### TASK GOAL
Write the entries below out again without a single difference.

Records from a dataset
-- Opening Marker --

Lemma dstar_nonlink x y A B N i j : perm_eq (x :: y :: A ++ B) (nodes N) ->
  (i < N)%N -> (j < N)%N -> i != j -> ~~ dstar x y A B i j ->
  [|| (i \in A) && (j \in A ++ B), (i \in B) && (j \in B ++ A),
      (i \in A) && (j == y), (i \in B) && (j == x),
      (i == y) && (j \in A) | (i == x) && (j \in B)].
Proof.
move=> hP hi hj; move: (enum_pad (s := [:: x; y]) 2 hP) => /= [hU hm].
rewrite /dstar !mem_cat.
case: (node_classP hU (hm i hi)) => ei; case: (node_classP hU (hm j hj)) => ej;
  rewrite ?ei ?ej ?eqxx //=; move: hi hj; clear -ei ej; lia.
Qed.

Lemma dstar_pstable x y A B N : perm_eq (x :: y :: A ++ B) (nodes N) ->
  pstable b c 0 (dstar x y A B) N.
Proof.
move=> hP; have hP' := enum_swap hP.
have refused_leaf x' y' A' B' i j : perm_eq (x' :: y' :: A' ++ B') (nodes N) ->
    i \in A' -> j \in A' ++ B' -> j != i -> link_refused (dstar x' y' A' B') N i j.
  by move=> hQ hi hj hji /lt_geF; rewrite leaf_link_unprofitable.
have refused_by_centre x' y' A' B' a : perm_eq (x' :: y' :: A' ++ B') (nodes N) ->
    a \in A' -> link_refused (dstar x' y' A' B') N a y' /\ link_refused (dstar x' y' A' B') N y' a.
  move=> hQ ha; split => [_|]; first exact: far_centre_loses.
  by rewrite /link_refused add_link_sym => /lt_geF; rewrite ltW // far_centre_loses.
split=> [i j hi hj|i j hi hj hij /(dstar_nonlink hP hi hj hij)].
  rewrite {1}/dstar => /or4P[/andP[/eqP-> /eqP->]|/andP[/eqP-> /eqP->]|/andP[/eqP-> ha]|].
  - exact: centres_link_kept.
  - by rewrite dstar_swap; apply: centres_link_kept.
  - exact: link_kept_sym (leaf_link_kept hP ha).
  case/or3P=> [/andP[/eqP-> ha]|/andP[/eqP-> hb]|/andP[/eqP-> hb]].
  - exact: leaf_link_kept.
  - by rewrite dstar_swap; apply: link_kept_sym (leaf_link_kept hP' hb).
  - by rewrite dstar_swap; apply: leaf_link_kept.
case/or3P=> [/andP[hiA hj']|/andP[hiB hj']|].
- by apply: refused_leaf hP hiA hj' _; rewrite eq_sym.
- by rewrite dstar_swap; apply: refused_leaf hP' hiB hj' _; rewrite eq_sym.
case/or4P=> [/andP[ha /eqP->]|/andP[hb /eqP->]|/andP[/eqP-> ha]|/andP[/eqP-> hb]].
- exact: (refused_by_centre _ _ _ _ _ hP ha).1.
- by rewrite dstar_swap; exact: (refused_by_centre _ _ _ _ _ hP' hb).1.
- exact: (refused_by_centre _ _ _ _ _ hP ha).2.
- by rewrite dstar_swap; exact: (refused_by_centre _ _ _ _ _ hP' hb).2.
Qed.
(* Let $(\mathfrak{X},\pi)$, $a$, $s$, $S$, $m$ and $\kappa$ be as in the context and assume (A), (B) and (C). Then \[ |m_x(z)|\sim 1\qquad\text{for all }x\in\mathfrak{X},\ z\in\mathbb{H},\ |z|\le 2\kappa, \] and \[ \operatorname{Im}m_x(z)\sim\operatorname{Im}m_y(z)\qquad\text{for all }x,y\in\mathfrak{X},\ z\in\mathbb{H},\ |z|\le2\kappa . \]
   Context: Let $(\mathfrak{X},\pi)$ be a measure space where $\pi$ is a probability measure; $\mathcal{B}(\mathfrak{X},\mathbb{D})$ denotes bounded measurable $\mathbb{D}$-valued functions with sup norm $\|\cdot\|$, and $\|T\|$ the induced operator norm; $\langle w\rangle=\int w_x\,\pi(\mathrm{d}x)$. Let $a\in\mathcal{B}(\mathfrak{X},\mathbb{R})$, $s\in\mathcal{B}(\mathfrak{X}^2,[0,\infty))$ symmetric, $(Sw)_x=\int s_{xy}w_y\,\pi(\mathrm{d}y)$, $S_x:=(y\mapsto s_{xy})$, and $\kappa:=\|a\|+2\|S\|^{1/2}$. $m:\mathbb{H}\to\mathcal{B}(\mathfrak{X},\mathbb{H})$ is the unique solution of $-1/m(z)=z+a+Sm(z)$, $z\in\mathbb{H}$ (upper half-plane). Comparison notation: for non-negative functions $\varphi,\psi$, $\varphi\lesssim\psi$ means $\varphi\le C\psi$ for a constant $0<C<\infty$ depending only on $s$ and $a$; $\varphi\sim\psi$ means $\varphi\lesssim\psi\lesssim\varphi$. Assumptions: (A) there is a symmetric $r\in\mathcal{B}(\mathfrak{X}^2,[0,\infty))$ with $s_{xy}\ge\int r_{xu}r_{uy}\,\pi(\mathrm{d}u)$ and $\inf_x\int r_{xy}\,\pi(\mathrm{d}y)>0$. (B) There is $K\in\mathbb{N}$ with $\inf_{x,y}s^{(K)}_{xy}>0$, $s^{(K)}$ the kernel of $S^K$. (C) $\lim_{\varepsilon\downarrow0}\inf_{x}\int\frac{\pi(\mathrm{d}y)}{\varepsilon+(a_x-a_y)^2+\langle (S_x-S_y)^2\rangle}=\infty$. *)

From HB Require Import structures.
From mathcomp Require Import all_boot all_order all_algebra.
From mathcomp Require Import all_classical all_reals all_analysis.
From mathcomp Require Import complex.
Set Implicit Arguments. Unset Strict Implicit. Unset Printing Implicit Defensive.
Import Order.TTheory GRing.Theory Num.Theory.
Import numFieldNormedType.Exports.
Local Open Scope classical_set_scope.
Local Open Scope ring_scope.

-- Closing Marker --

### TASK SOLUTION
Lemma dstar_nonlink x y A B N i j : perm_eq (x :: y :: A ++ B) (nodes N) ->
  (i < N)%N -> (j < N)%N -> i != j -> ~~ dstar x y A B i j ->
  [|| (i \in A) && (j \in A ++ B), (i \in B) && (j \in B ++ A),
      (i \in A) && (j == y), (i \in B) && (j == x),
      (i == y) && (j \in A) | (i == x) && (j \in B)].
Proof.
move=> hP hi hj; move: (enum_pad (s := [:: x; y]) 2 hP) => /= [hU hm].
rewrite /dstar !mem_cat.
case: (node_classP hU (hm i hi)) => ei; case: (node_classP hU (hm j hj)) => ej;
  rewrite ?ei ?ej ?eqxx //=; move: hi hj; clear -ei ej; lia.
Qed.

Lemma dstar_pstable x y A B N : perm_eq (x :: y :: A ++ B) (nodes N) ->
  pstable b c 0 (dstar x y A B) N.
Proof.
move=> hP; have hP' := enum_swap hP.
have refused_leaf x' y' A' B' i j : perm_eq (x' :: y' :: A' ++ B') (nodes N) ->
    i \in A' -> j \in A' ++ B' -> j != i -> link_refused (dstar x' y' A' B') N i j.
  by move=> hQ hi hj hji /lt_geF; rewrite leaf_link_unprofitable.
have refused_by_centre x' y' A' B' a : perm_eq (x' :: y' :: A' ++ B') (nodes N) ->
    a \in A' -> link_refused (dstar x' y' A' B') N a y' /\ link_refused (dstar x' y' A' B') N y' a.
  move=> hQ ha; split => [_|]; first exact: far_centre_loses.
  by rewrite /link_refused add_link_sym => /lt_geF; rewrite ltW // far_centre_loses.
split=> [i j hi hj|i j hi hj hij /(dstar_nonlink hP hi hj hij)].
  rewrite {1}/dstar => /or4P[/andP[/eqP-> /eqP->]|/andP[/eqP-> /eqP->]|/andP[/eqP-> ha]|].
  - exact: centres_link_kept.
  - by rewrite dstar_swap; apply: centres_link_kept.
  - exact: link_kept_sym (leaf_link_kept hP ha).
  case/or3P=> [/andP[/eqP-> ha]|/andP[/eqP-> hb]|/andP[/eqP-> hb]].
  - exact: leaf_link_kept.
  - by rewrite dstar_swap; apply: link_kept_sym (leaf_link_kept hP' hb).
  - by rewrite dstar_swap; apply: leaf_link_kept.
case/or3P=> [/andP[hiA hj']|/andP[hiB hj']|].
- by apply: refused_leaf hP hiA hj' _; rewrite eq_sym.
- by rewrite dstar_swap; apply: refused_leaf hP' hiB hj' _; rewrite eq_sym.
case/or4P=> [/andP[ha /eqP->]|/andP[hb /eqP->]|/andP[/eqP-> ha]|/andP[/eqP-> hb]].
- exact: (refused_by_centre _ _ _ _ _ hP ha).1.
- by rewrite dstar_swap; exact: (refused_by_centre _ _ _ _ _ hP' hb).1.
- exact: (refused_by_centre _ _ _ _ _ hP ha).2.
- by rewrite dstar_swap; exact: (refused_by_centre _ _ _ _ _ hP' hb).2.
Qed.
(* Let $(\mathfrak{X},\pi)$, $a$, $s$, $S$, $m$ and $\kappa$ be as in the context and assume (A), (B) and (C). Then \[ |m_x(z)|\sim 1\qquad\text{for all }x\in\mathfrak{X},\ z\in\mathbb{H},\ |z|\le 2\kappa, \] and \[ \operatorname{Im}m_x(z)\sim\operatorname{Im}m_y(z)\qquad\text{for all }x,y\in\mathfrak{X},\ z\in\mathbb{H},\ |z|\le2\kappa . \]
   Context: Let $(\mathfrak{X},\pi)$ be a measure space where $\pi$ is a probability measure; $\mathcal{B}(\mathfrak{X},\mathbb{D})$ denotes bounded measurable $\mathbb{D}$-valued functions with sup norm $\|\cdot\|$, and $\|T\|$ the induced operator norm; $\langle w\rangle=\int w_x\,\pi(\mathrm{d}x)$. Let $a\in\mathcal{B}(\mathfrak{X},\mathbb{R})$, $s\in\mathcal{B}(\mathfrak{X}^2,[0,\infty))$ symmetric, $(Sw)_x=\int s_{xy}w_y\,\pi(\mathrm{d}y)$, $S_x:=(y\mapsto s_{xy})$, and $\kappa:=\|a\|+2\|S\|^{1/2}$. $m:\mathbb{H}\to\mathcal{B}(\mathfrak{X},\mathbb{H})$ is the unique solution of $-1/m(z)=z+a+Sm(z)$, $z\in\mathbb{H}$ (upper half-plane). Comparison notation: for non-negative functions $\varphi,\psi$, $\varphi\lesssim\psi$ means $\varphi\le C\psi$ for a constant $0<C<\infty$ depending only on $s$ and $a$; $\varphi\sim\psi$ means $\varphi\lesssim\psi\lesssim\varphi$. Assumptions: (A) there is a symmetric $r\in\mathcal{B}(\mathfrak{X}^2,[0,\infty))$ with $s_{xy}\ge\int r_{xu}r_{uy}\,\pi(\mathrm{d}u)$ and $\inf_x\int r_{xy}\,\pi(\mathrm{d}y)>0$. (B) There is $K\in\mathbb{N}$ with $\inf_{x,y}s^{(K)}_{xy}>0$, $s^{(K)}$ the kernel of $S^K$. (C) $\lim_{\varepsilon\downarrow0}\inf_{x}\int\frac{\pi(\mathrm{d}y)}{\varepsilon+(a_x-a_y)^2+\langle (S_x-S_y)^2\rangle}=\infty$. *)

From HB Require Import structures.
From mathcomp Require Import all_boot all_order all_algebra.
From mathcomp Require Import all_classical all_reals all_analysis.
From mathcomp Require Import complex.
Set Implicit Arguments. Unset Strict Implicit. Unset Printing Implicit Defensive.
Import Order.TTheory GRing.Theory Num.Theory.
Import numFieldNormedType.Exports.
Local Open Scope classical_set_scope.
Local Open Scope ring_scope.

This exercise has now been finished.